Cynthia and I are parents to Emily (26), Amanda (24), Ethan (19), Olivia (14), and Isaac (13). That’s right, five kids, which makes us the 7 Upps. We live in Spokane, WA. I have a Bachelor’s degree in French from Reed College (Portland, Oregon) and a Master’s in French from the University of Washington (Seattle). Somehow, I ended up in the high tech industry, where I have been working for 25 years. Between formal education, work, and volunteering for a variety of organizations, I’ve developed skills in communication, negotiations, partnering, organization, and problem solving (and, of course, technical skills). I look forward to using all of these to help the IFCR defeat the monster that first raised its head when our Olivia was only two months old.

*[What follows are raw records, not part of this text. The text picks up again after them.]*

(* (1) If a nonzero element of $T_n\cap\mathbb{Q}[\boldsymbol{\theta}_n]$ is antisymmetric, then it has degree exactly $n-1$. (2) If a nonzero element of $T_n\cap\mathbb{Q}[\boldsymbol{\theta}_n,\boldsymbol{\xi}_n]$ is antisymmetric, then it has degree exactly $n-1$.
   Context: Let $\mathbb{Q}[\boldsymbol{\theta}_n,\boldsymbol{\xi}_n,\boldsymbol{\rho}_n]$ be the $\mathbb{Q}$-algebra generated by $3n$ pairwise anticommuting variables $\theta_i,\xi_i,\rho_i$ ($1\le i\le n$), with $\mathfrak{S}_n$ acting by permuting indices simultaneously in all three sets; $\mathbb{Q}[\boldsymbol{\theta}_n]$ and $\mathbb{Q}[\boldsymbol{\theta}_n,\boldsymbol{\xi}_n]$ are the subalgebras generated by the $\theta$'s, resp. the $\theta$'s and $\xi$'s. An element $p$ is antisymmetric if $\sigma(p)=\mathrm{sgn}(\sigma)p$ for all $\sigma\in\mathfrak{S}_n$. Derivatives: for a variable $\alpha_j$, $\partial_{\alpha_j}(\alpha_{i_1}\cdots\alpha_{i_k})=(-1)^{\ell-1}\alpha_{i_1}\cdots\widehat{\alpha_{i_\ell}}\cdots\alpha_{i_k}$ if $\alpha_j$ is the $\ell$-th factor and $0$ otherwise. $T_n:=\{f:\sum_{i=1}^n\partial_{\theta_i}^h\partial_{\xi_i}^k\partial_{\rho_i}^\ell f=0\ \forall h,k,\ell\ge0,\ h+k+\ell>0\}$. Degree means total degree in the variables. *)

From HB Require Import structures.
From mathcomp Require Import all_boot all_order all_algebra all_fingroup.
Set Implicit Arguments. Unset Strict Implicit. Unset Printing Implicit Defensive.
Import GRing.Theory.
Local Open Scope ring_scope.

(* The 3n anticommuting variables: (k, i) with k = 0 (theta_i), 1 (xi_i),
   2 (rho_i). *)
Definition var (n : nat) := ('I_3 * 'I_n)%type.
Definition code (n : nat) (u : var n) : nat := (u.1 * n + u.2)%N.

Definition th (n : nat) (i : 'I_n) : var n := (@Ordinal 3 0 isT, i).
Definition xi (n : nat) (i : 'I_n) : var n := (@Ordinal 3 1 isT, i).
Definition rh (n : nat) (i : 'I_n) : var n := (@Ordinal 3 2 isT, i).

(* An element of Q[theta_n, xi_n, rho_n] is given by its coordinates in the
   basis of monomials: for a set S of variables, f S is the coefficient of the
   product of the variables of S taken in increasing order. *)
Notation elt n := {ffun {set var n} -> rat}.

(* Derivative d_v: d_v(a_{i1}...a_{ik}) = (-1)^(l-1) (monomial without a_v)
   if a_v is the l-th factor.  Coefficient of monomial T (v notin T) in d_v f
   is (-1)^#{u in T | u < v} * f (T + v). *)
Definition deriv (n : nat) (v : var n) (f : elt n) : elt n :=
  [ffun T : {set var n} =>
     if v \in T then 0
     else (-1) ^+ #|[set u in T | (code u < code v)%N]| * f (v |: T)].

Definition inT (n : nat) (f : elt n) : Prop :=
  forall h k l : nat, (0 < h + k + l)%N ->
    \sum_(i < n) iter h (deriv (th i)) (iter k (deriv (xi i)) (iter l (deriv (rh i)) f)) = 0.

Definition permvar (n : nat) (s : 'S_n) (u : var n) : var n := (u.1, s u.2).

(* number of inversions of sigma on the (increasingly ordered) monomial S:
   sigma(a_{u1} ... a_{uk}) = (-1)^inv * (sorted monomial on sigma(S)). *)
Definition inv_count (n : nat) (s : 'S_n) (S : {set var n}) : nat :=
  #|[set p : var n * var n | [&& p.1 \in S, p.2 \in S, (code p.1 < code p.2)%N
                                & (code (permvar s p.2) < code (permvar s p.1))%N]]|.

Definition act (n : nat) (s : 'S_n) (f : elt n) : elt n :=
  [ffun T : {set var n} =>
     (-1) ^+ inv_count s (permvar s^-1 @: T) * f (permvar s^-1 @: T)].

Definition antisym_elt (n : nat) (f : elt n) : Prop :=
  forall s : 'S_n, forall T, act s f T = (-1) ^+ odd_perm s * f T.

Definition in_Qth (n : nat) (f : elt n) : Prop :=
  forall S : {set var n}, f S != 0 -> forall u, u \in S -> val u.1 = 0%N.

Definition in_Qthxi (n : nat) (f : elt n) : Prop :=
  forall S : {set var n}, f S != 0 -> forall u, u \in S -> (val u.1 < 2)%N.

Definition degree (n : nat) (f : elt n) : nat :=
  \max_(S : {set var n} | f S != 0) #|S|.

From Pilot Require Import Defs.
From HB Require Import structures.
From mathcomp Require Import all_boot all_order all_algebra all_fingroup.
From mathcomp Require Import ring zify.
Set Implicit Arguments. Unset Strict Implicit. Unset Printing Implicit Defensive.
Import Order.TTheory GRing.Theory Num.Theory.
Local Open Scope ring_scope.

(* The lower bound is combinatorial: if the indices occurring in a monomial [S]
   miss two values [a] and [b], the transposition (a b) fixes [S], so
   antisymmetry forces [f S = - f S].
   The upper bound is an sl_2 argument.  Let [D] be the sum of the
   d/dtheta_i d/dxi_i and let [R] be left multiplication by
   (sum_i theta_i)(sum_j xi_j) - n sum_i theta_i xi_i.  Then [R] commutes with
   the sums of the d/dtheta_i and of the d/dxi_i, and on their common kernel,
   in theta-xi-degree k, [D R - R D = n (n - 1 - k)].  So if [D g = 0] for a
   nonzero such [g] of degree k >= n, each [D R^(j+1) g] is a nonzero multiple
   of [R^j g], and no power of [R] kills [g]: absurd, as degrees are bounded.
   Elements of [T_n] are killed by all three sums of derivatives, hence so are
   their theta-xi-homogeneous components, which thus have degree < n. *)

Lemma sum_if_eq (V : nmodType) (I : finType) (F : I -> V) i :
  \sum_j (if j == i then F j else 0) = F i.
Proof. by rewrite -big_mkcond big_pred1_eq. Qed.

Lemma sum_zmod_morphism (I : finType) (U V : zmodType) (F : I -> U -> V) :
  (forall i, zmod_morphism (F i)) -> zmod_morphism (fun x => \sum_i F i x).
Proof. by move=> F_morph x y; rewrite -sumrB; apply: eq_bigr => i _; rewrite F_morph. Qed.

Section LowestWeight.
Variables (V : zmodType) (raise lower : {additive V -> V}).
Variables (weighted : nat -> V -> Prop) (mu lambda : int) (bound : nat).
Hypothesis weighted_raise : forall k g, weighted k g -> weighted k.+2 (raise g).
Hypothesis lower_raise : forall k g, weighted k g ->
  lower (raise g) = raise (lower g) + g *~ (mu * (lambda - k%:Z)).
Hypothesis weighted_bound : forall k g, (bound < k)%N -> weighted k g -> g = 0.
Hypothesis torsion_free : forall (g : V) z, z != 0 -> g *~ z = 0 -> g = 0.
Hypothesis mu_neq0 : mu != 0.

Lemma weighted_iter_raise k g j : weighted k g -> weighted (k + j.*2) (iter j raise g).
Proof.
move=> wg; elim: j => [|j IH]; first by rewrite addn0.
by rewrite doubleS !addnS; apply: weighted_raise.
Qed.

(* [sum_(m <= j) mu (lambda - (k + 2 m)) = mu (j + 1) (lambda - k - j)] *)
Lemma lower_iter_raise k g j : weighted k g -> lower g = 0 ->
  lower (iter j.+1 raise g) = iter j raise g *~ (mu * j.+1%:Z * (lambda - k%:Z - j%:Z)).
Proof.
move=> wg g0; elim: j => [|j IH].
  by rewrite /= (lower_raise wg) g0 raddf0 add0r; congr (_ *~ _); ring.
rewrite iterS (lower_raise (weighted_iter_raise j.+1 wg)).
rewrite IH raddfMz -mulrzDr; congr (_ *~ _).
rewrite -addn1 -muln2 !PoszD !PoszM; ring.
Qed.

Lemma lowest_weight_le k g : weighted k g -> lower g = 0 -> g != 0 -> k%:Z <= lambda.
Proof.
move=> wg g0 g_neq0; rewrite leNgt; apply/negP => lambda_lt_k.
have iter_neq0 j : iter j raise g != 0.
  elim: j => // j IH; apply: contraNneq IH => iter_eq0.
  apply/eqP; apply: (torsion_free (z := mu * j.+1%:Z * (lambda - k%:Z - j%:Z))).
  - by rewrite !mulf_neq0 //; lia.
  - by rewrite -lower_iter_raise // iter_eq0 raddf0.
move: (iter_neq0 bound.+1).
by rewrite (weighted_bound _ (weighted_iter_raise bound.+1 wg)) ?eqxx //; lia.
Qed.

End LowestWeight.

Local Notation deriv := Defs.deriv.
Local Notation act := Defs.act.

Section ExteriorAlgebra.
Variable n : nat.
Implicit Types (f g : elt n) (S T : {set var n}) (u v w : var n) (i j : 'I_n).

Definition sgn_below T v : rat := (-1) ^+ #|[set u in T | (code u < code v)%N]|.

Lemma derivE v g T : deriv v g T = if v \in T then 0 else sgn_below T v * g (v |: T).
Proof. by rewrite ffunE. Qed.

(* The sign counts the variables of [T] that [v] must move past. *)
Definition lmul v g : elt n :=
  [ffun T : {set var n} => if v \in T then sgn_below T v * g (T :\ v) else 0].

Lemma lmulE v g T : lmul v g T = if v \in T then sgn_below T v * g (T :\ v) else 0.
Proof. by rewrite ffunE. Qed.

Lemma code_inj : injective (@code n).
Proof.
move=> [a i] [b j]; rewrite /code /= => eq_code.
have n_gt0 : (0 < n)%N by apply: leq_ltn_trans (ltn_ord i).
have eq_ij : i = j :> nat.
  by have := congr1 (modn^~ n) eq_code; rewrite /= !modnMDl !modn_small.
have eq_ab : a = b :> nat.
  by have := congr1 (divn^~ n) eq_code; rewrite /= !divnMDl // !divn_small ?addn0.
by congr pair; apply: val_inj.
Qed.

Lemma sgn_below_setU1 w T v : w \notin T ->
  sgn_below (w |: T) v = (-1) ^+ (code w < code v)%N * sgn_below T v.
Proof.
move=> wT; rewrite /sgn_below -exprD; congr (_ ^+ _).
case w_lt_v: (code w < code v)%N.
  rewrite (_ : [set u in w |: T | _] = w |: [set u in T | (code u < code v)%N]).
    by rewrite cardsU1 inE (negbTE wT).
  by apply/setP=> u; rewrite !inE; case: eqVneq => // ->; rewrite w_lt_v.
rewrite add0n; apply: eq_card => u; rewrite !inE; case: eqVneq => // ->.
by rewrite w_lt_v (negbTE wT).
Qed.

Lemma sgn_below_setD1 w T v : w \in T ->
  sgn_below T v = (-1) ^+ (code w < code v)%N * sgn_below (T :\ w) v.
Proof. by move=> wT; rewrite -{1}(setD1K wT) sgn_below_setU1 // setD11. Qed.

Although Olivia had her first spasms at two months, it took another 10 years before a specialist in Seattle was able to determine that she had CDKL5. Learning that has changed nothing and everything. Nothing, because it offered no new treatment or cure. But it changed everything because now our enemy had a name, and we had a new focus. Our mission from that day forward has been to defeat CDKL5. We were so excited to find the IFCR and the support group on Facebook. Cynthia and I have been the West Coast Family Support Regional Representatives for the IFCR for a couple of years now, and I was honored to be asked to join the Board of Directors of the IFCR in 2016. I am so encouraged to be able to work together with such an amazing group of parents and incredible leaders to take on this terrible condition. I know together we will prevail! Our angels are depending on it.

Miriam Blase

I am honored to serve on the IFCR Board and looking forward to furthering the work already done towards finding a cure for our children and supporting families on their CDKL5 journey. Our son, Landon, was diagnosed with infantile spasms and CDKL5 in 2010. Since then, I have been actively seeking out ways to connect with other families who have children with disabilities through the Facebook support group. I have also worked on the sponsorship committee for the IFCR Family Conferences in 2014 and 2016. I am passionate about finding care teams, resources and education to help parents so CDKL5 children can have the best quality of life possible. With Landon in tow, my husband, Bryan, and I are aspiring runners locally in our hometown of Atlanta, GA. I have spent the last 13 years in corporate financial services with JP Morgan, and I hold an M.A. Industrial Psychology from New York University.